MATERIALS PROVIDED Block Start
(* Let $\mathbf{X}\in\mathbb{R}^{n\times d}$ have rows $\mathbf{X}_1,\ldots,\mathbf{X}_n$ and columns $\mathbf{X}_{\cdot 1},\ldots,\mathbf{X}_{\cdot d}$, let $u$ be a utility function, $H(\mathbf{z})=-\frac1n\sum_{j=1}^n u(z_j)$ for $\mathbf{z}\in\mathbb{R}^n$, $h(\mathbf{w})=H(\mathbf{X}\mathbf{w})$, assume $h$ is proper convex with Lipschitz continuous gradient, and let $\lambda>0$. The primal problem $\min_{\mathbf{w}\in\mathbb{R}^d_+}h(\mathbf{w})+\lambda\|\mathbf{w}\|_1$ and its Fenchel–Rockafellar dual are $$\mathbf{w}^*\in\arg\min_{\mathbf{w}\in\mathcal{C}_P}\mathcal{P}_\lambda(\mathbf{w}):=-\frac1n\sum_{j=1}^n u(\mathbf{w}^{\top}\mathbf{X}_j)+\lambda\|\mathbf{w}\|_1,\qquad \boldsymbol{\theta}^*\in\arg\max_{\boldsymbol{\theta}\in\mathcal{C}_D}\mathcal{D}_\lambda(\boldsymbol{\theta}):=\frac1n\sum_{j=1}^n u^*(n\lambda\theta_j),$$ where $\mathcal{C}_P=\mathrm{dom}(\mathcal{P}_\lambda)\cap\mathbb{R}^d_+$ and $\mathcal{C}_D=\mathrm{dom}(\mathcal{D}_\lambda)\cap\{\boldsymbol{\theta}\in\mathbb{R}^n:\|\phi(\mathbf{X}^{\top}\boldsymbol{\theta})\|_\infty\leq1\}$. Moreover, for such an optimal primal-dual pair $(\mathbf{w}^*,\boldsymbol{\theta}^* )\in\mathcal{C}_P\times\mathcal{C}_D$ the optimality conditions read: $-\lambda\boldsymbol{\theta}^*=\nabla_{\mathbf{z}}H(\mathbf{X}\mathbf{w}^* )$, and for each $j\in[d]$: if $w_j^*=0$ then $\phi(\mathbf{X}_{\cdot j}^{\top}\boldsymbol{\theta}^* )\leq1$; if $w_j^*\neq0$ then $\phi(\mathbf{X}_{\cdot j}^{\top}\boldsymbol{\theta}^* )=1$ and $\boldsymbol{\theta}^{*\top}\mathbf{X}_{\cdot j}w_j^*=|w_j^*|$.
   Context: A utility function is an increasing concave function $u$. $u^*$ denotes the conjugate of $u$ appearing in the duality, namely $u^*(\theta)=\inf_z\{\theta z-u(z)\}$ (so that $H^*(-\lambda\boldsymbol{\theta})=-\frac1n\sum_j u^*(n\lambda\theta_j)$ where $H^*$ is the convex conjugate of $H$). $\phi(x)=\max\{x,0\}$ applied entrywise, and inequalities between vectors are entrywise. $\mathrm{dom}$ denotes the effective domain (where the function is finite). *)

From HB Require Import structures.
From mathcomp Require Import all_boot all_order all_algebra.
From mathcomp Require Import all_classical all_reals all_analysis.
Set Implicit Arguments. Unset Strict Implicit. Unset Printing Implicit Defensive.
Import Order.TTheory GRing.Theory Num.Theory.
Import numFieldNormedType.Exports.
Local Open Scope classical_set_scope.
Local Open Scope ring_scope.

Section Defs.
Variable R : realType.

Definition concave_fun (u : R -> R) : Prop :=
  forall a x y : R, 0 <= a <= 1 -> a * u x + (1 - a) * u y <= u (a * x + (1 - a) * y).

Definition utility (u : R -> R) : Prop :=
  {homo u : x y / x < y} /\ concave_fun u.

Definition convex_fun (d : nat) (f : 'cV[R]_d -> R) : Prop :=
  forall (a : R) (x y : 'cV[R]_d), 0 <= a <= 1 ->
    f (a *: x + (1 - a) *: y) <= a * f x + (1 - a) * f y.

Definition phi (x : R) : R := Num.max x 0.

Definition norminf (m : nat) (v : 'cV[R]_m) : R := \big[Num.max/0]_(k < m) `|v k ord0|.

Definition Hfun (n : nat) (u : R -> R) (z : 'cV[R]_n) : R :=
  - (n%:R)^-1 * \sum_(j < n) u (z j ord0).

Definition hfun (n d : nat) (u : R -> R) (X : 'M[R]_(n, d)) (w : 'cV[R]_d) : R :=
  Hfun u (X *m w).

Definition uconj (u : R -> R) (t : R) : \bar R :=
  ereal_inf [set ((t * z - u z)%:E) | z in [set: R]].

Definition Pobj (n d : nat) (u : R -> R) (lam : R) (X : 'M[R]_(n, d))
  (w : 'cV[R]_d) : \bar R :=
  (- (n%:R)^-1 * \sum_(j < n) u (\sum_(k < d) w k ord0 * X j k)
   + lam * \sum_(k < d) `|w k ord0|)%:E.

Definition Dobj (n : nat) (u : R -> R) (lam : R) (th : 'cV[R]_n) : \bar R :=
  ((n%:R)^-1)%:E * (\sum_(j < n) uconj u (n%:R * lam * th j ord0))%E.

Definition domP (n d : nat) u lam (X : 'M[R]_(n, d)) : set 'cV[R]_d :=
  [set w | (Pobj u lam X w < +oo)%E].
Definition domD (n : nat) u lam : set 'cV[R]_n :=
  [set th | (-oo < Dobj u lam th)%E].

Definition CP (n d : nat) u lam (X : 'M[R]_(n, d)) : set 'cV[R]_d :=
  domP u lam X `&` [set w | forall k : 'I_d, 0 <= w k ord0].
Definition CD (n d : nat) u lam (X : 'M[R]_(n, d)) : set 'cV[R]_n :=
  domD u lam `&` [set th | norminf (map_mx phi (X^T *m th)) <= 1].

Definition fconj (m : nat) (F : 'cV[R]_m -> \bar R) (v : 'cV[R]_m) : \bar R :=
  ereal_sup [set ((\sum_(i < m) v i ord0 * x i ord0)%:E - F x)%E | x in [set: 'cV[R]_m]].

Definition fpen (d : nat) (lam : R) (w : 'cV[R]_d) : \bar R :=
  if [forall k : 'I_d, 0 <= w k ord0] then (lam * \sum_(k < d) `|w k ord0|)%:E else +oo%E.

(* Fenchel--Rockafellar dual objective of  min_w f(w) + H(Xw),
   max_y -f^*(-X^T y) - H^*(y), written in the variable theta with y = -lambda theta *)
Definition FRdual (n d : nat) (u : R -> R) (lam : R) (X : 'M[R]_(n, d))
  (th : 'cV[R]_n) : \bar R :=
  (- fconj (fpen lam) (lam *: (X^T *m th))
   - fconj (fun z : 'cV[R]_n => (Hfun u z)%:E) (- lam *: th))%E.

End Defs.
Arguments phi {R}.

From HB Require Import structures.
From mathcomp Require Import all_boot all_order all_algebra.
From mathcomp Require Import all_classical all_reals all_analysis.
From mathcomp Require Import ring lra.
Import Order.TTheory GRing.Theory Num.Theory.
Import numFieldNormedType.Exports.
Set Implicit Arguments. Unset Strict Implicit. Unset Printing Implicit Defensive.
Local Open Scope classical_set_scope.
Local Open Scope ring_scope.

(* Dual: the conjugate of lam ||w||_1 restricted to w >= 0 is the indicator of
   {v <= lam}, and the conjugate of the separable function H is the sum of the
   one-dimensional conjugates u^*, which gives -f^*(lam X^T th) - H^*(-lam th)
   = D_lambda(th) on C_D and -oo outside.

   Optimality: let z := X w*. Moving w* along a coordinate direction and along
   w* itself (first-order conditions on the orthant) shows that
   th^ := u'(z) / (n lam) lies in C_D and, since u^*(u'(z)) = u'(z) z - u(z)
   for concave u, that D_lambda(th^) = P_lambda(w* ). Hence
   D_lambda(th* ) >= P_lambda(w* ). But P_lambda(w* ) - D_lambda(th* ) is a sum
   of nonnegative terms: the Fenchel-Young gaps
   n lam th*_j z_j - u(z_j) - u^*(n lam th*_j) and the slacks
   w*_k (1 - X_k^T th* ). All of them vanish: the first makes n lam th*_j a
   supergradient of u at z_j, i.e. u'(z_j), so that -lam th* = grad H(z);
   the second is complementary slackness. *)

Section OneSidedSlopes.
Variable R : realFieldType.
Implicit Types (f : R -> R) (a b c : R).
(* Under the hypotheses of Theorem 1 (regular spherically symmetric asymptotically flat Einstein–Maxwell data, electrovacuum outside the ball $\mathcal{B}=\{l\le l_0\}$ of area radius $\mathcal{R}$, dominant energy condition in $\mathcal{B}$, total charge $Q\ne0$, ADM mass $M$), suppose $M\ge |Q|$ and the exterior region $\{l\ge l_0\}$ is untrapped. Then $\mathcal{R}> r_+:=M+\sqrt{M^2-Q^2}\ge |Q|$; in particular $\mathcal{R}>|Q|$. If instead $M\ge|Q|$ and the exterior region is not untrapped, the horizon is the sphere at the largest $l_1\ge l_0$ with $r(l_1)=r_+$, and its area radius is $\mathcal{R}_0=r_+$.
   Context: Metric $dl^2+r(l)^2(d\theta^2+\sin^2\theta d\phi^2)$ on $\mathbb{R}^3$, $r(0)=0$, $r'(0)=1$; $K_{ij}=n_in_jK_l+(h_{ij}-n_in_j)K_r$. Null expansions $\theta^\pm=\frac2r(r'\pm K_rr)$; a region is untrapped if $\theta^+\theta^->0$ there, trapped if $\theta^+\theta^-<0$; a horizon is the outer boundary of a trapped region ($\theta^+\theta^-=0$ there). Asymptotic flatness gives $r(l)\to\infty$ as $l\to\infty$. Electrovacuum: no non-electromagnetic matter, no momentum density, no charge density; no magnetic field. Charge $Q=E(l_0)r(l_0)^2$ where $E$ is the radial electric field. *)

From Stdlib Require Import Reals Lra.
Open Scope R_scope.

(* Spherically symmetric initial data on R^3:
   metric dl^2 + r(l)^2 dOmega^2,  K = n n K_l + (h - n n) K_r,
   radial electric field E, no magnetic field.  Units G = c = 1 (Gaussian).
   dr, ddr are the first and second derivatives of r, dKr of Kr, dE of E. *)

Definition scal (r dr ddr : R -> R) (l : R) : R :=
  2 / (r l)^2 * (1 - (dr l)^2 - 2 * r l * ddr l).

(* Non-electromagnetic energy density from the Hamiltonian constraint:
   16 pi mu = R + (tr K)^2 - |K|^2 - 2 (E^2 + B^2),  B = 0,
   with tr K = Kl + 2 Kr, |K|^2 = Kl^2 + 2 Kr^2. *)
Definition mu (r dr ddr Kl Kr E : R -> R) (l : R) : R :=
  (scal r dr ddr l + (Kl l + 2 * Kr l)^2 - ((Kl l)^2 + 2 * (Kr l)^2)
     - 2 * (E l)^2) / (16 * PI).

(* Radial component of the non-electromagnetic momentum density from the
   momentum constraint  D^j (K_ij - tr K h_ij) = 8 pi J_i  (Poynting vector
   vanishes since B = 0). *)
Definition Jmom (r dr Kl Kr dKr : R -> R) (l : R) : R :=
  (2 * dr l / r l * (Kl l - Kr l) - 2 * dKr l) / (8 * PI).

(* Charge density from Gauss's law div E = 4 pi rho_e. *)
Definition rho_e (r dr E dE : R -> R) (l : R) : R :=
  (2 * r l * dr l * E l + (r l)^2 * dE l) / (4 * PI * (r l)^2).

Definition theta_plus (r dr Kr : R -> R) (l : R) : R :=
  2 / r l * (dr l + Kr l * r l).
Definition theta_minus (r dr Kr : R -> R) (l : R) : R :=
  2 / r l * (dr l - Kr l * r l).
Definition theta_prod (r dr Kr : R -> R) (l : R) : R :=
  theta_plus r dr Kr l * theta_minus r dr Kr l.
MATERIALS PROVIDED Block End
(WORK ORDER) Taking the records as a whole, report how many of their lines include the word "outside". Nothing but the number is wanted.

(EXERCISE RESULT) 2